● TO DO
Below is some data. Retype exactly the lines starting at the one with "- by move=> x" and ending at the one with "have phinvM := can_in_morph".

──────── PROVIDED MATERIAL

Theorem lemma5p3
  (O : idomainType) (m : {pred O}) (p : nat)
  (hnoeth : noetherian O) (hloc : local_with_max m) (hcomp : madic_complete m)
  (hchar : residue_char m p) (hclosed : residue_alg_closed m)
  (gT : finGroupType) (S : {group gT}) (hS : (p.-group S)%g)
  (A : algType O) (sigma : gT -> A)
  (hint : interior S sigma) (hfree : Ofree_finite A)
  (hdiv : divisible S m sigma)
  (P Q R : {group gT}) (phi psi : gT -> gT)
  (hphi : Fiso S m sigma P Q phi) (hpsi : Fiso S m sigma Q R psi)
  (uphi upsi : A)
  (huphi : twisted_unit m sigma P Q phi uphi)
  (hupsi : twisted_unit m sigma Q R psi upsi) :
  twisted_unit m sigma P R (psi \o phi) (upsi * uphi).
Proof.
case: hphi => [[PS QS [_ phiM] _ _] phiPQ _].
case: hpsi => [[_ RS _ _ _] psiQR _].
case: huphi => Puphi [phinv [phiK phinvK [bphi [Qbphi ker_phi]]]].
case: hupsi => Qupsi [psinv [psiK psinvK [bpsi [Rbpsi ker_psi]]]].
have phinvQP : phinv @: Q = P by rewrite -phiPQ imset_can_in.
have psinvRQ : psinv @: R = Q by rewrite -psiQR imset_can_in.
have sphiPQ : phi @: P \subset Q by rewrite phiPQ.
have spsinvRQ : psinv @: R \subset Q by rewrite psinvRQ.
split; first exact: (fixed_Delta_comp hint QS sphiPQ Puphi Qupsi).
exists (phinv \o psinv); split.
- by move=> x xP /=; rewrite psiK ?phiK // -phiPQ imset_f.
- by move=> z zR /=; rewrite phinvK ?psinvK // -psinvRQ imset_f.
exists (bphi * bpsi); split; first exact: (fixed_Delta_comp hint QS spsinvRQ Rbpsi Qbphi).
have -> : bphi * bpsi * (upsi * uphi) - 1 =
    bphi * (bpsi * upsi - 1) * uphi + (bphi * uphi - 1).
  by rewrite mulrBr mulrBl mulr1 !mulrA addrA subrK.
apply: brkerD ker_phi.
have phinvM := can_in_morph phiM phiK phinvK phinvQP.
exact: (brker_Delta_conj hint PS QS phinvK phinvQP phinvM Qbphi Puphi ker_psi).
Qed.
(* The proof is a certificate: [(1+e) G = mu H + A s^2 + B s + K] with [mu >= 0] and a quadratic
   in [s] of nonpositive discriminant, where [G >= 0] is the goal and [H >= 0] the hypothesis. *)
Lemma ecc_poly_ineq (e r s t : R) : 0 < e -> 2 * e < 1 -> 0 < r -> 0 <= t -> 2 * r <= s ^ 2 ->
  (1 - e ^ 2) * (s ^ 2 - 2 * r) <= (s + t) ^ 2 * (1 - 2 * e) ->
  e ^ 2 * (2 * r - t ^ 2) * (s ^ 2 - 2 * r) <= (1 + e) ^ 2 * (1 - 2 * e) * r ^ 2.
Proof.
  intros He He2 Hr Ht Hs Hhyp.
  destruct (Rle_dec (2 * r) (t ^ 2)) as [Hrt | Hrt].
  { assert (0 <= e ^ 2 * (t ^ 2 - 2 * r) * (s ^ 2 - 2 * r))
      by (apply Rmult_le_pos; [apply Rmult_le_pos|]; nra).
    assert (0 <= (1 + e) ^ 2 * (1 - 2 * e) * r ^ 2)
      by (apply Rmult_le_pos; [apply Rmult_le_pos|]; nra).
    nra. }
  set (G := (1 + e) ^ 2 * (1 - 2 * e) * r ^ 2 - e ^ 2 * (2 * r - t ^ 2) * (s ^ 2 - 2 * r)).
  set (H := (s + t) ^ 2 * (1 - 2 * e) - (1 - e ^ 2) * (s ^ 2 - 2 * r)).
  set (mu := e * r * (1 - 2 * e) * (1 + e) + 2 * e ^ 2 * (2 * r - t ^ 2)).
  set (A := e ^ 2 * (1 - 2 * e) * ((1 - e) * t ^ 2 + e * (3 - e) * r)).
  set (B := - 2 * e * r * t + 4 * e ^ 2 * t ^ 3 - 2 * e ^ 2 * r * t - 8 * e ^ 3 * t ^ 3
            + 16 * e ^ 3 * r * t - 8 * e ^ 4 * r * t).
  set (K := r ^ 2 - e * r * t ^ 2 - e * r ^ 2 + 2 * e ^ 2 * t ^ 4 + e ^ 2 * r * t ^ 2
            - 5 * e ^ 2 * r ^ 2 - 4 * e ^ 3 * t ^ 4 + 6 * e ^ 3 * r * t ^ 2 + 5 * e ^ 3 * r ^ 2
            - 8 * e ^ 4 * r * t ^ 2 + 4 * e ^ 4 * r ^ 2 - 4 * e ^ 5 * r ^ 2).
  set (W := (1 - 2 * e) ^ 2 * (3 + 4 * e - e ^ 2 - 2 * e ^ 3) * r
            + 2 * e * (1 - 2 * e) ^ 2 * (1 + e) * (2 * r - t ^ 2)).
  assert (Hcert : (1 + e) * G = mu * H + (A * s ^ 2 + B * s + K))
    by (unfold G, H, mu, A, B, K; ring).
  assert (Hdisc : B ^ 2 - 4 * A * K = - 4 * e ^ 3 * ((1 - e) * r - t ^ 2) ^ 2 * W)
    by (unfold A, B, K, W; ring).
  assert (HA : 0 < A).
  { assert (0 <= (1 - e) * t ^ 2) by (apply Rmult_le_pos; nra).
    assert (0 < e * (3 - e) * r) by (apply Rmult_lt_0_compat; [apply Rmult_lt_0_compat|]; lra).
    apply Rmult_lt_0_compat; [apply Rmult_lt_0_compat|]; nra. }
  assert (HW : 0 <= W).
  { assert (0 <= (1 - 2 * e) ^ 2 * (3 + 4 * e - e ^ 2 - 2 * e ^ 3) * r)
      by (apply Rmult_le_pos; [apply Rmult_le_pos|]; nra).
    assert (0 <= 2 * e * (1 - 2 * e) ^ 2 * (1 + e) * (2 * r - t ^ 2))
      by (apply Rmult_le_pos; [repeat apply Rmult_le_pos|]; nra).
    unfold W; lra. }
  assert (Hquad : 0 <= A * s ^ 2 + B * s + K).
  { apply quadratic_nonneg; [exact HA|]. rewrite Hdisc.
    assert (0 <= e ^ 3 * ((1 - e) * r - t ^ 2) ^ 2 * W)
      by (apply Rmult_le_pos; [apply Rmult_le_pos; [apply pow_le; lra | apply pow2_ge_0] | lra]).
    lra. }
  assert (Hmu : 0 <= mu).
  { assert (0 <= e * r * (1 - 2 * e) * (1 + e)) by (repeat apply Rmult_le_pos; lra).
    assert (0 <= 2 * e ^ 2 * (2 * r - t ^ 2)) by (apply Rmult_le_pos; nra).
    unfold mu; lra. }
  assert (0 <= mu * H) by (apply Rmult_le_pos; unfold H; lra).
  assert (0 <= G) by nra.
  unfold G in *; lra.
Qed.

────────────────

● REPLY TO THE EXERCISE
- by move=> x xP /=; rewrite psiK ?phiK // -phiPQ imset_f.
- by move=> z zR /=; rewrite phinvK ?psinvK // -psinvRQ imset_f.
exists (bphi * bpsi); split; first exact: (fixed_Delta_comp hint QS spsinvRQ Rbpsi Qbphi).
have -> : bphi * bpsi * (upsi * uphi) - 1 =
    bphi * (bpsi * upsi - 1) * uphi + (bphi * uphi - 1).
  by rewrite mulrBr mulrBl mulr1 !mulrA addrA subrK.
apply: brkerD ker_phi.
have phinvM := can_in_morph phiM phiK phinvK phinvQP.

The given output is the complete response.